Bariatric surgery-induced weight reduction increased telomere length of severely obese patients So far, two interventional studies with bariatric surgery exist, which investigated the telomere length alteration in human blood over time. In 2014, Formichi and co-workers investigated the leukocyte TL of obese patients, They followed the patients over 1 year after bariatric surgery by measuring TL all 3 month and a continuous significant telomere length decrease (of 6.4, 10.6, 13.8, and 16.0 % at 3, 6, 9, and 12 month afterwards, respectively) was seen after bariatric surgery (Formichi et al. 2014). These findings are in contrast to our results. At 6 month we saw no telomere length change (meanTSI +0.76
%) was received, which was also not changed after 12 month (meanTSI +1.8 %).
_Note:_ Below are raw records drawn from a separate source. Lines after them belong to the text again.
(* Let $\Sigma$ be a one-sided subshift of finite type and let $\mathbf B,\mathbf B'$ be Bowen quasicocycles on $\Sigma$. Then $\mathbf B\sim\mathbf B'$ if and only if $\mu_{\mathbf a}(\mathbf B)=\mu_{\mathbf a}(\mathbf B')$ for every periodic word $\mathbf a$.
   Context: $\Sigma=\{(x_n)_{n\ge0}:R_{x_nx_{n+1}}=1\}$ with $R$ an irreducible aperiodic $0/1$ matrix on the alphabet $\{1,\dots,d\}$, $\tau$ the shift, $[x]_n$ the length-$n$ cylinder of $x$. For $B:\Sigma\to\mathbb R$, $\mathrm{var}_n(B)=\sup\{|B(x)-B(y)|:[x]_n=[y]_n\}$. A (Bowen) quasicocycle is a sequence $\mathbf B=(B_n)_{n\ge1}$ of bounded Borel functions with $\sup_{n,m}\sup_x|B_{n+m}(x)-B_n(x)-B_m(\tau^nx)|<\infty$ and $\sup_n\mathrm{var}_n(B_n)<\infty$. $\mathbf B\sim\mathbf B'$ (cohomologous) if $\sup_n\|B_n-B'_n\|_\infty<\infty$. For $\mu$ a $\tau$-invariant probability, $\mu(\mathbf B)=\lim_n\frac1n\int B_n\,d\mu$. A finite allowed word $\mathbf a=a_1\cdots a_n$ is periodic if $R_{a_na_1}=1$; then $\mathbf a\mathbf a\mathbf a\cdots$ is a periodic point of period $n$ and $\mu_{\mathbf a}$ is the invariant probability equidistributed on its orbit. *)

From HB Require Import structures.
From mathcomp Require Import all_boot all_order all_algebra.
From mathcomp Require Import all_classical all_reals all_analysis.
Set Implicit Arguments. Unset Strict Implicit. Unset Printing Implicit Defensive.
Import Order.TTheory GRing.Theory Num.Theory numFieldNormedType.Exports.
Local Open Scope classical_set_scope.
Local Open Scope ring_scope.
(* Let $N\ge 2$ be an integer and $b_1,\dots,b_N\in\{0,1\}$ with $b_N=1$, and suppose $b:=\sum_{j=1}^N b_j2^{-j}$ satisfies $2^N b>1$ ($2^Nb$ is then an odd integer). Let $P_b(x)=x^N-\sum_{j=1}^N b_jx^{N-j}$. Then $P_b$ has a real root, and its largest real root $s_b$ (the silver number of index $b$) satisfies $1<s_b<2$. *)

From HB Require Import structures.
From mathcomp Require Import all_boot all_order all_algebra.
From mathcomp Require Import all_reals.
Set Implicit Arguments. Unset Strict Implicit. Unset Printing Implicit Defensive.
Import Order.TTheory GRing.Theory Num.Theory.

(* Digits b_1,...,b_N are given by b : nat -> bool, only indices 1..N matter. *)

(* 2^N * b = \sum_{j=1}^N b_j 2^(N-j)  (a natural number) *)
Definition scaled_b (N : nat) (b : nat -> bool) : nat :=
  \sum_(1 <= j < N.+1) (b j) * 2 ^ (N - j).

Local Open Scope ring_scope.

Definition Pb (R : nzRingType) (N : nat) (b : nat -> bool) : {poly R} :=
  'X^N - \sum_(1 <= j < N.+1) (b j)%:R *: 'X^(N - j).

From HB Require Import structures.
From mathcomp Require Import all_boot all_order all_algebra.
From mathcomp Require Import all_reals.
From mathcomp Require Import polyrcf lra zify.
Set Implicit Arguments. Unset Strict Implicit. Unset Printing Implicit Defensive.
Import Order.TTheory GRing.Theory Num.Theory.
Local Open Scope ring_scope.

(* P_b(1) = 1 - #{j | b_j = 1} is negative because 2^N b > 1 forces at least
   two nonzero digits, while P_b(x) > 0 for x >= 2 because
   \sum_(j < N) x^j < x^N there.  The intermediate value theorem gives a
   root in (1, 2), and a nonzero real polynomial has finitely many roots, so it
   has a largest one, which then lies in (1, 2) as well. *)

Lemma exists_max_root (R : rcfType) (p : {poly R}) (r0 : R) :
  p != 0 -> root p r0 ->
  exists2 s, root p s & forall x, root p x -> x <= s.
Proof.
move=> p_neq0 pr0; have roots_p := roots_on_rootsR p_neq0.
exists (\big[Num.max/r0]_(x <- rootsR p) x).
  rewrite big_seq; apply: (big_ind (root p)) => // [x y px py|x].
    by rewrite maxElt; case: ifP.
  by rewrite -roots_p => /andP[].
by move=> x px; apply: le_bigmax_seq; rewrite // -roots_p px.
Qed.

Lemma horner_Pb (R : comNzRingType) N b (x : R) :
  (Pb R N b).[x] = x ^+ N - \sum_(1 <= j < N.+1) (b j)%:R * x ^+ (N - j).
Proof.
rewrite /Pb hornerD hornerN horner_sum hornerXn; congr (_ - _).
by apply: eq_bigr => j _; rewrite hornerZ hornerXn.
Qed.

Lemma Pb_at1 (R : comNzRingType) N b :
  (Pb R N b).[1] = 1 - (\sum_(1 <= j < N.+1) (b j : nat))%:R.
Proof.
rewrite horner_Pb expr1n natr_sum; congr (_ - _).
by apply: eq_bigr => j _; rewrite expr1n mulr1.
Qed.

Lemma sum_expr_lt (R : realFieldType) N (x : R) : 2 <= x ->
  \sum_(i < N) x ^+ i < x ^+ N.
Proof.
move=> x_ge2; have := subrX1 x N; set S := \sum_(i < N) _ => XN1.
have S_ge0 : 0 <= S by apply: sumr_ge0 => i _; apply: exprn_ge0; lra.
have : S <= (x - 1) * S by rewrite ler_peMl //; lra.
lra.
Qed.

Lemma Pb_gt0 (R : realFieldType) N b (x : R) : 2 <= x -> 0 < (Pb R N b).[x].
Proof.
move=> x_ge2; rewrite horner_Pb subr_gt0; apply: le_lt_trans (sum_expr_lt N x_ge2).
rewrite big_nat_rev /= big_add1 /= big_mkord; apply: ler_sum => i _.
have -> : (N - (N.+1 - i.+1))%N = i by rewrite subSS; have := ltn_ord i; lia.
by case: (b _); rewrite ?mul1r ?mul0r // exprn_ge0 //; lra.
Qed.

Lemma two_le_count_digits N (b : nat -> bool) :
  (1 <= N)%N -> b N -> (1 < scaled_b N b)%N ->
  (2 <= \sum_(1 <= j < N.+1) (b j : nat))%N.
Proof.
move=> N_ge1 bN; rewrite /scaled_b !big_nat_recr //= bN subnn expn0.
set s1 := (\sum_(1 <= i < N) _)%N; set s2 := (\sum_(1 <= i < N) _)%N.
have : (s1 <= s2 * 2 ^ N)%N.
  rewrite /s1 /s2 big_distrl /=; apply: leq_sum => j _.
  by rewrite leq_mul2l leq_pexp2l ?leq_subr ?orbT.
by case: s2 => [|k]; rewrite ?mul0n ?leqn0; [move/eqP->|]; lia.
Qed.

Theorem mainTheorem4 (R : realType) (N : nat) (b : nat -> bool) :
  (2 <= N)%N -> b N = true -> (1 < scaled_b N b)%N ->
  exists s : R,
    [/\ root (Pb R N b) s,
        (forall x : R, root (Pb R N b) x -> x <= s)
      & 1 < s < 2].
Proof.
move=> N_ge2 bN scaled_gt1; set p := Pb R N b.
have p1_lt0 : p.[1] < 0.
  rewrite /p Pb_at1 subr_lt0 -[1]/(1%:R) ltr_nat.
  by apply: two_le_count_digits; rewrite // ltnW.
have p_ge2_gt0 x : 2 <= x -> 0 < p.[x] by exact: Pb_gt0.
have p2_gt0 := p_ge2_gt0 2 (lexx _).
have p_neq0 : p != 0 by apply: contraTneq p2_gt0 => ->; rewrite horner0 ltxx.
have sign_change : p.[1] <= 0 <= p.[2] by rewrite (ltW p1_lt0) (ltW p2_gt0).
have [r0 /andP[r0_ge1 _] pr0] := poly_ivt (ler1n R 2) sign_change.
have [s ps s_max] := exists_max_root p_neq0 pr0.
have s_ge1 := le_trans r0_ge1 (s_max _ pr0).
exists s; split => //; apply/andP; split.
  by rewrite lt_neqAle s_ge1 andbT; apply: contraTneq ps => <-; rewrite /root lt_eqF.
by rewrite ltNge; apply: contraTN ps => /p_ge2_gt0 /gt_eqF; rewrite /root => ->.
Qed.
Formichi et al. had a similar patient cohort but a different methodic setup. Their subjects showed a mean BMI of 46.5 kg/m2 and in our study the average BMI was 48 kg/m2, however telomere length was measured with the qPCR and in leukocyte samples including granulocytes. Furthermore, they included subject receiving several different surgeries like sleeve gastrectomy, gastric bandings, gastric bypasses, biliopancreatic diversions, and gastric plication. Furthermore, with their data they could not show the telomere shortening effect with increasing age (Formichi et al. 2014).
Additionally, we also investigated for the first time the TL of human PBMCs at 24 month post-bariatric surgery. Most importantly, at this time point we were able to show a significant TL increase of +5.6 %, revealing a possible starting point for telomere lengthening after bariatric surgery-induced weight reduction. Subdividing these data for gender affiliation we also received a +5.6 % TL increase for women. Due to the low number of male participants no further assumption for men could be made.
Besides Formichi and co-workers, a second study indicated recently TL regulation in bariatric-aided obese humans. Here, Laimer and colleagues indicated with a prospective intervention study a 2.3 % increase of telomere length for obese women 10 years after weight reduction surgery (Laimer et al.
2016) while a normal weight control population revealed over the same period a telomere length decline of 4.9 %. Different from our study, their cohort received either a gastric banding or a RYGB, while our patients received either a sleeve gastrectomy or RYGB and TL was measured in leukocytes with the qPCR method. The starting mean BMI of their cohort was 41.4 kg/m2 and thus lower but a similar weight reduction was indicated as we have seen (- 21 %).
Here, we showed for the first time a TL increase 24 month after bariatric surgery-induced weight reduction and demonstrated that this is the time of beginning TL increase. Conflicting results up to 1 year post-surgery between Formichi et al. and our data might be due to the post-surgical state and its changed metabolism until catabolism discloses stability. So it could be that these radical changes also led to a disordered TL regulation after the first month of surgery receiving TL variations, underlining, that adipose tissue is known for bioaccumulation of lipophilic environmental substances (Durante et al. 2016). The stored toxins may be released during weight loss and become released back into the
95 metabolism causing additional negative effects to human health and imbalanced TL regulation.
Reaching a weight balance and a stable environment for catabolites and hormones, the weight reduction might have induced a positive effect on physical and psychical state and together with the 10 year study this suggest, that upon intervention TL in obese people increases and that this effect is long lasting.